Nindya lebih baik pusing karena pekerjaan dari pada terus terpikirkan dengan soal hubungannya dan Dafin saat ini setelah pertengkaran mereka semalam.
...***...
Sampai di kantor, Nindya cukup terkejut melihat Feby yang sudah datang dan terlihat baru saja selesai pergi ke pantry karena tangannya memegang gelas yang aroma melatinya sudah tercium.
“Lo bukannya masih sakit, kenapa maksain masuk?” Feby menghampirinya.

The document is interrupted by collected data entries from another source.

(* For a value V, T(V) consists of all finite bags drawn from a fixed set of
   resource values (inT_bagE), so the elements plugged into the occurrences of
   the holes of an expansion can be chosen independently of each other.
   Hence an element of T(C[V]) is an element c of T(C) whose hole occurrences,
   read in the order in which [fills] consumes them, are filled by elements of
   bags in the T(V_i): c itself serves as the rigid.  Conversely a rigid of c
   only reorders bags, and the expansion of an abstraction is an arbitrary
   list of expansions of its body, so the reordering can be absorbed into the
   choice of c; filling any rigid thus lands in T(C[V]) up to bag equality. *)

From mathcomp Require Import all_boot.
From Stdlib Require Import Permutation.

Set Implicit Arguments.
Unset Strict Implicit.
Unset Printing Implicit Defensive.

Lemma Forall2_trans_Forall A (R : A -> A -> Prop) (l l1 l2 : list A) :
  List.Forall (fun a => forall b c, R a b -> R b c -> R a c) l ->
  List.Forall2 R l l1 -> List.Forall2 R l1 l2 -> List.Forall2 R l l2.
Proof.
move=> H H1; elim: H1 l2 H => [|a b l' l1' Hab _ IH] l2 H H2; first by inversion H2.
inversion H2 as [|b' c l1'' l2' Hbc Hr]; subst.
inversion H as [|a' l0 Ha Hl]; subst.
by constructor; [exact: Ha Hab Hbc | exact: IH].
Qed.

Lemma map_List_map A B (f : A -> B) l : map f l = List.map f l.
Proof. by elim: l => //= a l ->. Qed.

Section ResourceTerms.
Variable k : nat.

Section Induction.
Variables (P : rterm k -> Prop) (Q : rval k -> Prop).
Hypothesis HVar : forall x, Q (RVar x).
Hypothesis HHole : forall i, Q (RHole i).
Hypothesis HLam : forall x s, P s -> Q (RLam x s).
Hypothesis HApp : forall s1 s2, P s1 -> P s2 -> P (RApp s1 s2).
Hypothesis HBag : forall l, List.Forall Q l -> P (RBag l).

Fixpoint rterm_rval_ind (s : rterm k) : P s :=
  match s with
  | RApp s1 s2 => HApp (rterm_rval_ind s1) (rterm_rval_ind s2)
  | RBag l => HBag ((fix go (l : list (rval k)) : List.Forall Q l :=
                      match l with
                      | nil => List.Forall_nil Q
                      | v :: l' => List.Forall_cons v (rval_rterm_ind v) (go l')
                      end) l)
  end
with rval_rterm_ind (v : rval k) : Q v :=
  match v with
  | RVar x => HVar x
  | RHole i => HHole i
  | RLam x s => HLam x (rterm_rval_ind s)
  end.

End Induction.

Fixpoint degsl (i : 'I_k) (l : list (rval k)) : nat :=
  if l is v :: l' then degv i v + degsl i l' else 0.

Fixpoint fillsl (l : list (rval k)) (vs : 'I_k -> list (rval 0)) : list (rval 0) :=
  if l is v :: l' then
    fillv v (fun i => take (degv i v) (vs i))
      :: fillsl l' (fun i => drop (degv i v) (vs i))
  else nil.

Lemma degs_bag (i : 'I_k) l : degs i (RBag l) = degsl i l.
Proof. by elim: l => //= v l ->. Qed.

Lemma fills_bag (l : list (rval k)) vs : fills (RBag l) vs = RBag (fillsl l vs).
Proof.
by elim: l vs => //= v l IH vs; case: (IH (fun i => drop (degv i v) (vs i))) => ->.
Qed.
(* Consider $N$ agents with $$\dot x_i=\sum_{j=1}^N\alpha_{ij}(y_j-y_i),\qquad y_i=\mathrm{sat}_i(x_i),\qquad i\in\mathcal V=\{1,\dots,N\},$$ where the constant weights $\alpha_{ij}=\alpha_{ji}\ge0$ define an undirected, connected graph, and the saturation levels $s_i>0$ may be equal (homogeneous) or different (heterogeneous). Assume the initial state $x(t_0)$ is not a consensus state, i.e. not all $x_i(t_0)$ are equal. Then the agents achieve consensus if and only if $$\frac1N\Big|\sum_{i=1}^N x_i(t_0)\Big|\le\min_{i\in\mathcal V}s_i .$$
   Context: $\mathrm{sat}_i(x)=\mathrm{sign}(x)\min\{|x|,s_i\}$. The graph is connected if for any two nodes there is a path of edges $\{i,j\}$ with $\alpha_{ij}>0$ joining them. Consensus is achieved if there exists $C\in\mathbb R$ with $\lim_{t\to\infty}x_i(t)=C$ for all $i\in\mathcal V$. *)

From Stdlib Require Import Reals Lra Relations.
Open Scope R_scope.

Fixpoint sumN (n : nat) (f : nat -> R) : R :=
  match n with
  | O => 0
  | S k => sumN k f + f k
  end.

(* min_{i=0}^{n-1} f i  (value for n = 0 is irrelevant) *)
Fixpoint minN (n : nat) (f : nat -> R) : R :=
  match n with
  | O => 0
  | S O => f O
  | S k => Rmin (minN k f) (f k)
  end.

Definition sign (x : R) : R :=
  if Rlt_dec 0 x then 1 else if Rlt_dec x 0 then -1 else 0.

Definition sat (s x : R) : R := sign x * Rmin (Rabs x) s.

Definition edge (N : nat) (alpha : nat -> nat -> R) (i j : nat) : Prop :=
  (i < N)%nat /\ (j < N)%nat /\ alpha i j > 0.

Definition connected (N : nat) (alpha : nat -> nat -> R) : Prop :=
  forall i j, (i < N)%nat -> (j < N)%nat -> clos_refl_trans nat (edge N alpha) i j.

Definition is_solution (N : nat) (alpha : nat -> nat -> R) (s : nat -> R)
    (t0 : R) (x : R -> nat -> R) : Prop :=
  (forall i, (i < N)%nat -> forall t, t0 < t ->
     derivable_pt_lim (fun tau => x tau i) t
       (sumN N (fun j => alpha i j * (sat (s j) (x t j) - sat (s i) (x t i))))) /\
  (forall i, (i < N)%nat -> forall eps, eps > 0 -> exists delta, delta > 0 /\
     forall t, t0 <= t < t0 + delta -> Rabs (x t i - x t0 i) < eps).

Definition consensus (N : nat) (x : R -> nat -> R) : Prop :=
  exists C : R, forall i, (i < N)%nat ->
    forall eps, eps > 0 -> exists T, forall t, t >= T -> Rabs (x t i - C) < eps.

From Stdlib Require Import Reals Lra Relations Lia Classical.
Open Scope R_scope.

(* Symmetric weights conserve the sum of the states, so the mean [c] of the
   initial state is the only possible consensus value.  The energy
   [sum_i Phi_i (x_i)], with [Phi_i] the primitive of [sat_i], decreases at
   rate [1/2 sum_ij alpha_ij (y_i - y_j)^2]; this forces the outputs of
   adjacent agents, hence by connectivity of all agents, to synchronize.
   If [|c| <= min s_i], the mean is bracketed by the outputs, so the outputs
   tend to [c], and since the sum is fixed the states are pinned to [c] too.
   If instead the states tend to some [C] with [|C| > min s_i], synchronized
   outputs force all [s_i] to be equal and below [|C|]; above the common
   saturation level the dynamics is frozen, and a backward continuity argument
   shows that it is frozen from [t0] on, so [x(t0)] was already a consensus. *)

(** * Finite sums *)

Lemma sumN_ext n f g : (forall i, (i < n)%nat -> f i = g i) -> sumN n f = sumN n g.
Proof.
  induction n as [|n IH]; intros H; simpl; [reflexivity|].
  rewrite IH, H; [reflexivity | lia | intros; apply H; lia].
Qed.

“Udah baikkan kok, lagian kerjaan gue harus diselesain secepatnya dan tinggal dikit lagi.”
Feby mengecek kening Nindya dengan tangan kirinya, wanita tersebut tampak begitu khawatir. “Serius deh mending lo istirahat dulu, anak-anak pada panik waktu lihat lo pingsan kemarin.”
“Gue udah sampai sini, masa balik lagi sih, Feb.” Nindya langsung menghidupkan komputernya.
Feby terkekeh merasa aneh dengan ucapannya sebelumnya, ia kemudian berjalan ke mejanya untuk mengambil sesuatu dari lacinya dan kemudian kembali berjalan ke tempat Nindya.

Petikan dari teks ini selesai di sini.